(* For $p\in[0,1]$ let $G_p$ be the $\{0,1\}$-Bernoulli distribution with $G_p(\{0\})=p$, $G_p(\{1\})=1-p$, and let $\Lambda^p$ and $\Lambda^p_{dir}$ be the time constants of the undirected model and of the directed model with horizontal weight law $G_p$. Then for every $v\ge0$, $\lim_{p\to0}\Lambda^p(v)=\Lambda^0(v)=v+1$, and likewise $\lim_{p\to0}\Lambda^p_{dir}(v)=v+1$.
   Context: Undirected model with law $G$ on $[0,\infty)$: in $\mathbb Z^2$, every vertical edge has weight $1$ and every horizontal edge an independent random weight with law $G$; the passage time of a nearest-neighbour path is the sum of its edge weights; $T(u,w)$ is the infimum over all paths from $u$ to $w$, and $\Lambda(v)=\lim_n\frac1nT((0,0),(n,\lceil vn\rceil))$ (a.s. limit, deterministic). Directed model: same weights, but the infimum $T_{dir}(u,w)$ is taken only over directed paths, i.e. paths whose steps are $(1,0)$ or $(0,1)$, and $\Lambda_{dir}(v)=\lim_n\frac1nT_{dir}((0,0),(n,\lceil vn\rceil))$ (a.s. limit, deterministic). *)

From HB Require Import structures.
From mathcomp Require Import all_boot all_order all_algebra.
From mathcomp Require Import all_classical all_reals all_analysis.
Set Implicit Arguments. Unset Strict Implicit. Unset Printing Implicit Defensive.
Import Order.TTheory GRing.Theory Num.Theory.
Import numFieldNormedType.Exports.
Local Open Scope classical_set_scope.
Local Open Scope ring_scope.

Definition vtx := (int * int)%type.

(* Horizontal weight configuration: [w x] is the weight of the horizontal
   edge between x = (a,b) and (a+1,b).  Vertical edges have weight 1. *)
Definition config (R : realType) := vtx -> R.

Definition nn (x y : vtx) : bool :=
  ((x.2 == y.2) && ((y.1 == x.1 + 1) || (x.1 == y.1 + 1))) ||
  ((x.1 == y.1) && ((y.2 == x.2 + 1) || (x.2 == y.2 + 1))).

Definition dstep (x y : vtx) : bool :=
  ((x.2 == y.2) && (y.1 == x.1 + 1)) || ((x.1 == y.1) && (y.2 == x.2 + 1)).

Definition edge_weight (R : realType) (w : config R) (x y : vtx) : R :=
  if x.2 == y.2 then w (Order.min x.1 y.1, x.2) else 1.

Fixpoint path_weight (R : realType) (w : config R) (x : vtx) (s : seq vtx) : R :=
  match s with
  | [::] => 0
  | y :: s' => edge_weight w x y + path_weight w y s'
  end.

Definition T (R : realType) (w : config R) (u z : vtx) : R :=
  inf [set path_weight w u s | s in [set s : seq vtx | path nn u s && (last u s == z)]].

Definition Tdir (R : realType) (w : config R) (u z : vtx) : R :=
  inf [set path_weight w u s | s in [set s : seq vtx | path dstep u s && (last u s == z)]].

Definition target (R : realType) (v : R) (n : nat) : vtx :=
  ((n%:Z)%R, Num.ceil (v * n%:R)).

Definition mutually_independent (R : realType) (d : measure_display)
  (Omega : measurableType d) (P : probability Omega R) (I : eqType)
  (X : I -> Omega -> R) : Prop :=
  forall (s : seq I) (A : I -> set R), uniq s ->
    (forall i, measurable (A i)) ->
    P (\bigcap_(i in [set` s]) (X i @^-1` A i)) =
    ((\prod_(i <- s) fine (P (X i @^-1` A i)))%R)%:E.

Definition iid_bernoulli_weights (R : realType) (d : measure_display)
  (Omega : measurableType d) (P : probability Omega R) (p : R)
  (X : vtx -> Omega -> R) : Prop :=
  (forall e, measurable_fun setT (X e)) /\
  (forall e, P (X e @^-1` [set 0]) = p%:E) /\
  (forall e, P (X e @^-1` [set 1]) = (1 - p)%:E) /\
  mutually_independent P X.

From HB Require Import structures.
From mathcomp Require Import all_boot all_order all_algebra.
From mathcomp Require Import all_classical all_reals all_analysis.
From mathcomp Require Import zify ring lra.
Import Order.TTheory GRing.Theory Num.Theory.
Import numFieldNormedType.Exports.

(* Horizontal weights lie in [0, 1], so the staircase path (right, then up) gives
   T_dir(0, (n, ceil(vn))) <= n + ceil(vn), hence Lam^p <= Lam^p_dir <= v + 1.
   Conversely, with {0,1} weights, if T(0, (a, b)) < (1 - 1/q)(a + b), then the first
   K = a + b steps of a loop-erased path below that weight form a self-avoiding path
   using more than K/q distinct horizontal edges of weight 0.  There are at most 4^K such paths
   and 2^K sets of marked steps, each realised with probability p^(K/q) <= 16^-K when
   p <= 16^-q, so this event has probability at most 2^-K.  If Lam^p(v) were below
   (1 - 1/q)(v + 1), the almost sure convergence of T_n/n would make these events hold
   for all large n with probability one, while their lim inf has probability at most
   1/2.  Letting q grow gives both limits, and p = 0 gives Lam^0(v) = v + 1. *)

Set Implicit Arguments.
Unset Strict Implicit.
Unset Printing Implicit Defensive.

Local Open Scope classical_set_scope.
Local Open Scope ring_scope.

(** * Paths and passage times *)

Definition origin : vtx := (0, 0).

Definition horizontal (x y : vtx) : bool := x.2 == y.2.

Definition edge_key (x y : vtx) : vtx := (Order.min x.1 y.1, x.2).

Definition l1dist (x y : vtx) : nat := (`|y.1 - x.1| + `|y.2 - x.2|)%N.

Section PathWeight.
Variables (R : realType) (w : config R).

Lemma edge_weightE x y :
  edge_weight w x y = if horizontal x y then w (edge_key x y) else 1.
Proof. by []. Qed.

Lemma path_weight_cat x s1 s2 :
  path_weight w x (s1 ++ s2) = path_weight w x s1 + path_weight w (last x s1) s2.
Proof. by elim: s1 x => [|y s IH] x /=; rewrite ?add0r // IH addrA. Qed.

Lemma path_weight_sum x s : path_weight w x s =
  \sum_(0 <= i < size s) edge_weight w (nth x (x :: s) i) (nth x s i).
Proof.
elim: s x => [|y s IH] x /=; first by rewrite big_geq.
rewrite big_nat_recl // IH; congr (_ + _); apply: eq_big_nat => i /andP[_ lti].
by rewrite /= !(set_nth_default x y) // ltnW.
Qed.

Hypothesis w_ge0 : forall e, 0 <= w e.

Lemma edge_weight_ge0 x y : 0 <= edge_weight w x y.
Proof. by rewrite /edge_weight; case: ifP. Qed.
# # # # #
Work to complete →
Please copy each line from the material above in which the string "Strict" appears.

Your solution →
Set Implicit Arguments. Unset Strict Implicit. Unset Printing Implicit Defensive.
Unset Strict Implicit.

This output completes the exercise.